[Records contained in a dataset]
►

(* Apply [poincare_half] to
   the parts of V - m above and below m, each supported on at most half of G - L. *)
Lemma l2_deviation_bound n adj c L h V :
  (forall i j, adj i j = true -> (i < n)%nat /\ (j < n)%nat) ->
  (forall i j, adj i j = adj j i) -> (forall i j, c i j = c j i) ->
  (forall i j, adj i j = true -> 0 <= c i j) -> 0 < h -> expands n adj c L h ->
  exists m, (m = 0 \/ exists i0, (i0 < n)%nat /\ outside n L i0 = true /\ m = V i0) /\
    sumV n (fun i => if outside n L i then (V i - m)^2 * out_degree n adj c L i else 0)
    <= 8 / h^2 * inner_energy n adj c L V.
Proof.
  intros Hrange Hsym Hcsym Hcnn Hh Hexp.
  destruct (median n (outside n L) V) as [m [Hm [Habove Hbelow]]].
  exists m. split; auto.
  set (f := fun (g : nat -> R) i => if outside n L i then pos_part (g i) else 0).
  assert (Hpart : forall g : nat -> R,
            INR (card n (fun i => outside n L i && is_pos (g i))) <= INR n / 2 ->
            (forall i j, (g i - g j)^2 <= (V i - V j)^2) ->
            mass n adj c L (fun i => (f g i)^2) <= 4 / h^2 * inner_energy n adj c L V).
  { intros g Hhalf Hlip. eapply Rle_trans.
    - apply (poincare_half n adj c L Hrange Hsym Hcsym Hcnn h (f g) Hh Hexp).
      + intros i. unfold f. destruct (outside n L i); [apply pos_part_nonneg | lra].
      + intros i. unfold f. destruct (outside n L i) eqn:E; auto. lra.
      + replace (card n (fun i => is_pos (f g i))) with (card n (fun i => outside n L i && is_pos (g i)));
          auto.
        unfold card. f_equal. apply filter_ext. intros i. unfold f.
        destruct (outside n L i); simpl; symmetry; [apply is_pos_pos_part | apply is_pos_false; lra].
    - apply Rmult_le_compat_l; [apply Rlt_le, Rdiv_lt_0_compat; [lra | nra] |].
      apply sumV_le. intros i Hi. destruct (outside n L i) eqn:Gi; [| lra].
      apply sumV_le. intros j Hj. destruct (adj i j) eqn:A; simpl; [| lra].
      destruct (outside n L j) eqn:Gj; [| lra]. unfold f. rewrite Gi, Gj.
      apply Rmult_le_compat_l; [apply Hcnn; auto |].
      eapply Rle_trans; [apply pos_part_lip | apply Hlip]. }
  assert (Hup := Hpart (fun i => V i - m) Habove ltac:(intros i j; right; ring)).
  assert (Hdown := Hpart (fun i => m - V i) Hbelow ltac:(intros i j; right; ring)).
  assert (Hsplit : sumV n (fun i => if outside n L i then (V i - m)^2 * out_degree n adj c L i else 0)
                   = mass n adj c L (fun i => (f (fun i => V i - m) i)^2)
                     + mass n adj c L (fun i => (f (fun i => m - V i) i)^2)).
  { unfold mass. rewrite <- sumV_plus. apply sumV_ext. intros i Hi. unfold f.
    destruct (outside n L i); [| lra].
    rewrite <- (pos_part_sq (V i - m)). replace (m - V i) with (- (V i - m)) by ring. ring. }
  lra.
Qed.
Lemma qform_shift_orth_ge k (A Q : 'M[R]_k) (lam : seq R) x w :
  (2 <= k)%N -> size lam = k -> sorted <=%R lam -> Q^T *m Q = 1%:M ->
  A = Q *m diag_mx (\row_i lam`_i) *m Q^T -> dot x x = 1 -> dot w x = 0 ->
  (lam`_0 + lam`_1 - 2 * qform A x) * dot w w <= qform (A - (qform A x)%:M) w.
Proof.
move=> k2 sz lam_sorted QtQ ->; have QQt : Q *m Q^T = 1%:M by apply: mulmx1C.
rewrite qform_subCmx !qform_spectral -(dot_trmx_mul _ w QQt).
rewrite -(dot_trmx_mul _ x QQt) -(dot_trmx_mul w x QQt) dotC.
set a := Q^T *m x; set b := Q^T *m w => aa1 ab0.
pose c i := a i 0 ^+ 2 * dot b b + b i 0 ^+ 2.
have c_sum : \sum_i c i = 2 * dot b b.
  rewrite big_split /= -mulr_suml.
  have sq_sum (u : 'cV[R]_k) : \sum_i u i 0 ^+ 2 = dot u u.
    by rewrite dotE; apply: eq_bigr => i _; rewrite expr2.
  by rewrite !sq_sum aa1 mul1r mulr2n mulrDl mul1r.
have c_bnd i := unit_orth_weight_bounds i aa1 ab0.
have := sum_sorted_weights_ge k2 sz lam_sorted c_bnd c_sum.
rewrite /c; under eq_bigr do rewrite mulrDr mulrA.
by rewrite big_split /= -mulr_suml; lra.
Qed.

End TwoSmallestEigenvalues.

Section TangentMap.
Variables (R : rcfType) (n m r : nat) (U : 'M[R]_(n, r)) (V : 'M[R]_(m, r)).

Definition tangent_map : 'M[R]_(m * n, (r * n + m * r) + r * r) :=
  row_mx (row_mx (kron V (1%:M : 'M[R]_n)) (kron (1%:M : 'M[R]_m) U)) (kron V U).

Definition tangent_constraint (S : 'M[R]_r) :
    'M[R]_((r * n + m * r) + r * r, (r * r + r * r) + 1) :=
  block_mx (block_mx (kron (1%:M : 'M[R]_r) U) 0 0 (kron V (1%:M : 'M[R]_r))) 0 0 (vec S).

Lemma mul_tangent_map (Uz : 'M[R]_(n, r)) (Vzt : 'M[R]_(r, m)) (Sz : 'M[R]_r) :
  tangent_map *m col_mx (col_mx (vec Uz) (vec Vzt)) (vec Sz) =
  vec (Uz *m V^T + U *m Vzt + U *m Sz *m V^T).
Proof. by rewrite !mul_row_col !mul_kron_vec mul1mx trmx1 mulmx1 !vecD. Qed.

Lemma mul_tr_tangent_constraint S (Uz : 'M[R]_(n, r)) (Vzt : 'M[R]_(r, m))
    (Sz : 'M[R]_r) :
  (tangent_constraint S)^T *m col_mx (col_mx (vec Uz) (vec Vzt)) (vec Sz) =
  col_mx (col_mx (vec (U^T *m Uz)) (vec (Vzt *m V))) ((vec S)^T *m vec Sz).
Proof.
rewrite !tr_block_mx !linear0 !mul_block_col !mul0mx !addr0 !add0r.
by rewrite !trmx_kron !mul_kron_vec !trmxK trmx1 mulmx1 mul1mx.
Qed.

◄

Exercise goal: If a line in the records above has the word "eapply", copy it.

Expected output:
  { intros g Hhalf Hlip. eapply Rle_trans.
      eapply Rle_trans; [apply pos_part_lip | apply Hlip]. }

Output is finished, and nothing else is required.